The latest version of the Kids Online Safety Act in the U.S. House is facing new opposition, this time from some parent advocate groups and U.S. Sen. Richard Blumenthal, who is a co-author of the Senate bill.
Republicans on the House Energy and Commerce Committee removed a core part of the Senate bill: the “duty of care” section, which would require companies to “exercise reasonable care” when designing a platform to mitigate a defined list of potential harms to minors, including certain mental health disorders, substance use disorders and physical and sexual abuse.
Targeted design features include infinite scroll, autoplay, notifications and other features that keep minors engaged in an app or site.
The House draft requires platforms to create “reasonable policies, practices, and procedures” related only to threats of physical violence, sexual exploitation and abuse and the distribution of drugs. It would also prevent states from enacting or enforcing their own laws on similar issues.
House lawmakers said the changes were made to address lingering concerns over free speech and potential issues in court.
The revision drew mixed reactions at this week’s congressional hearing on the bill. Some lawmakers and experts in the field were encouraged to see the duty of care removed, while others were disappointed about what they now view as a “watered-down” bill.
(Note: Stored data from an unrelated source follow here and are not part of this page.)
(* In the single-component setting, suppose $\sigma\le\frac{4\sqrt2}{\sqrt\pi}$ and $\gamma^\star_\sigma\le\min\{1,\frac1{4\sqrt\rho}\}$, where $\gamma^\star_\sigma=\sigma^2+\sigma\sqrt{2\log\frac{4\sqrt2}{\sqrt\pi\sigma}}$. Then $\frac{\partial}{\partial\sigma}L(w)\ge p(0)\Big(\frac{\sigma}{11}\int_0^\infty\exp\big((|s(0)|-\frac{\sqrt\rho}4-1)\delta-\frac\rho2\delta^2\big)d\delta-2\sqrt2\exp\big(\frac{s(0)^2}{\nu+\sigma^{-2}}\big)\frac1{\sqrt{\nu+\sigma^{-2}}}\Big)$.
   Context: Single-component setting: $y$ uniform on $\{\pm1\}$; $x=(x_1,x_2)$, $x_1\in\mathbb{R}^{d_1}$, $x_2\sim\mathcal{N}(0,\Sigma_2)$ with $\Sigma_2\succ0$ independent of $x_1$. $\ell_{exp}(t)=\exp(-|t|)$, $L(w)=\mathbb{E}[\ell_{exp}(w^\top x)]$. For fixed $w=(w_1,w_2)$: $\sigma=\sqrt{w_2^\top\Sigma_2w_2}$; $p$ is the density of $\mu=w_1^\top x_1$, assumed such that $\log p$ is differentiable, $\nu$-strongly concave and $\rho$-smooth (i.e. $-\rho\le(\log p)''\le-\nu$) for some $0<\nu\le\rho$; $s(\mu)=\frac{p'(\mu)}{p(\mu)}$. $L(w)=\mathbb{E}_\mu[g_\sigma(\mu)]$ with $g_\sigma(\mu)=\mathbb{E}_{Z\sim\mathcal{N}(0,1)}[\ell_{exp}(\mu+\sigma Z)]$, and $\frac{\partial}{\partial\sigma}L(w)=\mathbb{E}_\mu[\frac{\partial}{\partial\sigma}g_\sigma(\mu)]$ denotes the derivative with respect to $\sigma$ with the law of $\mu$ held fixed. *)

From Stdlib Require Import Reals.
From Coquelicot Require Import Coquelicot.
Open Scope R_scope.

Definition ell_exp (t : R) : R := exp (- Rabs t).

Definition std_normal_pdf (z : R) : R := exp (- z ^ 2 / 2) / sqrt (2 * PI).

Definition int_R (f : R -> R) : R :=
  RInt_gen f (Rbar_locally m_infty) (Rbar_locally p_infty).

Definition int_0_inf (f : R -> R) : R :=
  RInt_gen f (at_point 0) (Rbar_locally p_infty).

(* g_sigma(mu) = E_{Z ~ N(0,1)} [ l_exp(mu + sigma Z) ] *)
Definition g_sig (sigma mu : R) : R :=
  int_R (fun z => std_normal_pdf z * ell_exp (mu + sigma * z)).

(* d/dsigma L(w) := E_mu [ d/dsigma g_sigma(mu) ], law of mu (density p) fixed *)
Definition dL_dsigma (p : R -> R) (sigma : R) : R :=
  int_R (fun mu => p mu * Derive (fun t => g_sig t mu) sigma).

Definition score (p : R -> R) (x : R) : R := Derive p x / p x.

Definition gamma_star (sigma : R) : R :=
  sigma ^ 2 + sigma * sqrt (2 * ln (4 * sqrt 2 / (sqrt PI * sigma))).

From Stdlib Require Import Reals Lra.
From Coquelicot Require Import Coquelicot.
Open Scope R_scope.

(* With phi the standard normal density, completing the square on each side of z = -mu/t gives
   a closed form g_t(mu) = G t mu in terms of the Gaussian distribution function, whence
       d/dsigma g_sigma(mu) = sigma G sigma mu - 2 phi(mu / sigma),
   so dL/dsigma = sigma * int p(mu) G sigma mu - 2 * int p(mu) phi(mu/sigma).  Then:
   - gamma*_sigma <= 1 forces sigma <= 1, hence G sigma mu >= exp(-|mu|)/11; rho-smoothness of
     log p gives p(mu) >= p(0) exp(s(0) mu - rho mu^2/2); keeping only the half-line in the
     direction of sign s(0) yields the first term of the bound;
   - nu-concavity gives p(mu) <= p(0) exp(s(0) mu - nu mu^2/2), so p(mu) phi(mu/sigma) is below a
     Gaussian profile of curvature nu + sigma^-2, itself below a Laplace profile with explicit
     integral; this yields the second term. *)

Notation phi := std_normal_pdf.

Notation is_RInt_R f l :=
  (is_RInt_gen f (Rbar_locally m_infty) (Rbar_locally p_infty) l).
Notation is_RInt_right f a l :=
  (is_RInt_gen f (at_point a) (Rbar_locally p_infty) l).
Notation is_RInt_left f a l :=
  (is_RInt_gen f (Rbar_locally m_infty) (at_point a) l).

Definition locally_integrable (f : R -> R) : Prop := forall a b, ex_RInt f a b.

Lemma continuous_locally_integrable (f : R -> R) :
  (forall x, continuous f x) -> locally_integrable f.
Proof. intros Hf a b; apply (ex_RInt_continuous (V := R_CompleteNormedModule)); auto. Qed.

Lemma is_RInt_gen_of_ex (f : R -> R) Fa Fb : ProperFilter Fa -> ProperFilter Fb ->
  ex_RInt_gen f Fa Fb -> is_RInt_gen f Fa Fb (RInt_gen f Fa Fb).
Proof. intros; apply (RInt_gen_correct (V := R_CompleteNormedModule)); auto. Qed.

Lemma RInt_gen_eq_of_is (f : R -> R) Fa Fb l : ProperFilter Fa -> ProperFilter Fb ->
  is_RInt_gen f Fa Fb l -> RInt_gen f Fa Fb = l.
Proof. intros; apply (is_RInt_gen_unique (V := R_CompleteNormedModule)); auto. Qed.

Lemma is_RInt_gen_ext_eq (f g : R -> R) Fa Fb l : Filter Fa -> Filter Fb ->
  (forall x, f x = g x) -> is_RInt_gen f Fa Fb l -> is_RInt_gen g Fa Fb l.
Proof.
  intros FFa FFb Hfg. apply is_RInt_gen_ext; auto.
  apply (@filter_forall _ _ (filter_prod_filter _ _ Fa Fb FFa FFb)); auto.
Qed.

Lemma is_RInt_right_ext (f g : R -> R) a l :
  (forall x, a < x -> f x = g x) -> is_RInt_right f a l -> is_RInt_right g a l.
Proof.
  intros Hfg Hl. apply is_RInt_gen_ext with f; [|exact Hl].
  exists (fun x => x = a) (fun y => a < y); [reflexivity | exists a; auto |].
  intros x y -> Hy z; simpl. rewrite Rmin_left, Rmax_right by lra. intros; apply Hfg; lra.
Qed.

Lemma is_RInt_left_ext (f g : R -> R) a l :
  (forall x, x < a -> f x = g x) -> is_RInt_left f a l -> is_RInt_left g a l.
Proof.
  intros Hfg Hl. apply is_RInt_gen_ext with f; [|exact Hl].
  exists (fun x => x < a) (fun y => y = a); [exists a; auto | reflexivity |].
  intros x y Hx -> z; simpl. rewrite Rmin_left, Rmax_right by lra. intros; apply Hfg; lra.
Qed.

Lemma is_RInt_gen_iff_lim (f : R -> R) Fa Fb l : locally_integrable f ->
  is_RInt_gen f Fa Fb l <->
  filterlim (fun ab => RInt f (fst ab) (snd ab)) (filter_prod Fa Fb) (locally l).
Proof.
  intros Hf; split; intros Hl P HP; destruct (Hl P HP) as [Q S HQ HS H];
    exists Q S; auto; intros x y Qx Sy.
  - destruct (H x y Qx Sy) as [z [Hz Pz]]. unfold filtermap; simpl.
    simpl in Hz; rewrite (is_RInt_unique _ _ _ _ Hz); exact Pz.
  - exists (RInt f x y); split;
      [apply (RInt_correct (V := R_CompleteNormedModule)), Hf | apply (H x y Qx Sy)].
Qed.

Lemma ball_R (x y : R) (eps : R) : ball x eps y <-> Rabs (y - x) < eps.
Proof. reflexivity. Qed.

Lemma RInt_abs_le_dominated (f g : R -> R) a b :
  ex_RInt f a b -> ex_RInt g a b -> (forall x, Rabs (f x) <= g x) ->
  Rabs (RInt f a b) <= Rabs (RInt g a b).
Proof.
  assert (Hle : forall a b, a <= b -> ex_RInt f a b -> ex_RInt g a b ->
            (forall x, Rabs (f x) <= g x) -> Rabs (RInt f a b) <= Rabs (RInt g a b)).
  { clear a b; intros a b Hab Hf Hg Hd.
    apply Rle_trans with (RInt (fun t => Rabs (f t)) a b); [apply abs_RInt_le; auto |].
    apply Rle_trans with (RInt g a b); [| apply Rle_abs].
    apply RInt_le; auto. apply ex_RInt_norm; auto. }
  intros Hf Hg Hd. destruct (Rle_or_lt a b) as [Hab | Hba]; [apply Hle; auto |].
  assert (Hf' : ex_RInt f b a) by (apply ex_RInt_swap; auto).
  assert (Hg' : ex_RInt g b a) by (apply ex_RInt_swap; auto).
  rewrite <- (opp_RInt_swap f), <- (opp_RInt_swap g) by auto.
  unfold opp; simpl; rewrite !Rabs_Ropp. apply Hle; auto; lra.
Qed.

(* Existence by domination: the partial integrals of f are Cauchy because those of g are. *)
Lemma ex_RInt_gen_dominated (f g : R -> R) Fa Fb lg :
  ProperFilter Fa -> ProperFilter Fb ->
  locally_integrable f -> locally_integrable g ->
  (forall x, Rabs (f x) <= g x) -> is_RInt_gen g Fa Fb lg -> ex_RInt_gen f Fa Fb.
Proof.
  intros PFa PFb Hf Hg Hd Hl. apply is_RInt_gen_iff_lim in Hl; auto.
  assert (Hc : exists y, filterlim (fun ab => RInt f (fst ab) (snd ab))
                           (filter_prod Fa Fb) (locally y)).
  { apply filterlim_locally_cauchy. intros eps.
    assert (He : 0 < eps / 4) by (destruct eps; simpl; lra).
    destruct (Hl _ (locally_ball lg (mkposreal _ He))) as [Q S HQ HS H].
    exists (fun ab => Q (fst ab) /\ S (snd ab)); split; [exists Q S; auto |].
    intros [a b] [a' b'] [Qa Sb] [Qa' Sb']; simpl in *.
    pose proof (H a b Qa Sb) as Hab; pose proof (H a' b Qa' Sb) as Ha'b;
      pose proof (H a b' Qa Sb') as Hab'; unfold filtermap in *; simpl in *.
    rewrite ball_R in *.
    assert (Ef : RInt f a' b' - RInt f a b = RInt f a' a + RInt f b b').
    { rewrite <- (RInt_Chasles f a' a b'), <- (RInt_Chasles f a b b') by auto.
      unfold plus; simpl; ring. }
    assert (Eg1 : RInt g a' b - RInt g a b = RInt g a' a).
    { rewrite <- (RInt_Chasles g a' a b) by auto. unfold plus; simpl; ring. }
    assert (Eg2 : RInt g a b' - RInt g a b = RInt g b b').
    { rewrite <- (RInt_Chasles g a b b') by auto. unfold plus; simpl; ring. }
    pose proof (RInt_abs_le_dominated f g a' a (Hf _ _) (Hg _ _) Hd) as D1.
    pose proof (RInt_abs_le_dominated f g b b' (Hf _ _) (Hg _ _) Hd) as D2.
    rewrite Ef. simpl in *.
    pose proof (Rabs_triang (RInt f a' a) (RInt f b b')).
    rewrite <- Eg1 in D1; rewrite <- Eg2 in D2.
    revert Hab Ha'b Hab' D1 D2.
    generalize (RInt g a b) (RInt g a' b) (RInt g a b'); intros r1 r2 r3.
    unfold Rabs; repeat destruct Rcase_abs; lra. }
  destruct Hc as [y Hy]; exists y; apply is_RInt_gen_iff_lim; auto.
Qed.

Lemma is_RInt_R_ge (f : R -> R) l c a b :
  (forall x y v, x <= a -> b <= y -> is_RInt f x y v -> c <= v) ->
  is_RInt_R f l -> c <= l.
Proof.
  intros Hc Hl. apply Rle_plus_epsilon; intros eps Heps.
  assert (Hev : filter_prod (Rbar_locally m_infty) (Rbar_locally p_infty)
                  (fun xy => forall v, is_RInt f (fst xy) (snd xy) v -> c <= v)).
  { econstructor 1 with (fun x => x < a) (fun y => b < y); [exists a | exists b |]; auto.
    intros x y Hx Hy v; apply Hc; simpl; lra. }
  destruct (filter_ex _ (filter_and _ _ Hev (Hl _ (locally_ball l (mkposreal _ Heps)))))
    as [xy [Hxy [v [Hv Hball]]]].
  apply Hxy in Hv. apply ball_R in Hball; simpl in Hball.
  apply Rabs_def2 in Hball; unfold minus, plus, opp in Hball; simpl in Hball; lra.
Qed.

Lemma is_RInt_R_nonneg (f : R -> R) l : (forall x, 0 <= f x) -> is_RInt_R f l -> 0 <= l.
Proof.
  intros Hf. apply is_RInt_R_ge with 0 0. intros x y v Hx Hy Hv.
  rewrite <- (is_RInt_unique _ _ _ _ Hv).
  apply RInt_ge_0; [lra | eexists; exact Hv | intros; apply Hf].
Qed.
Without the duty of care provision, Blumenthal argued, lawmakers are enabling major tech companies and shying away from holding them accountable. But he remains hopeful the House and Senate can figure out a compromise bill and sees the renewed attention to the issue as progress.
“Totally caving on the duty of care is an abdication of responsibility to protect kids,” Blumenthal said. “There has to be some duty of care so Big Tech will recognize its responsibility, and the House surrendering is simply a sign of Big Tech’s power.”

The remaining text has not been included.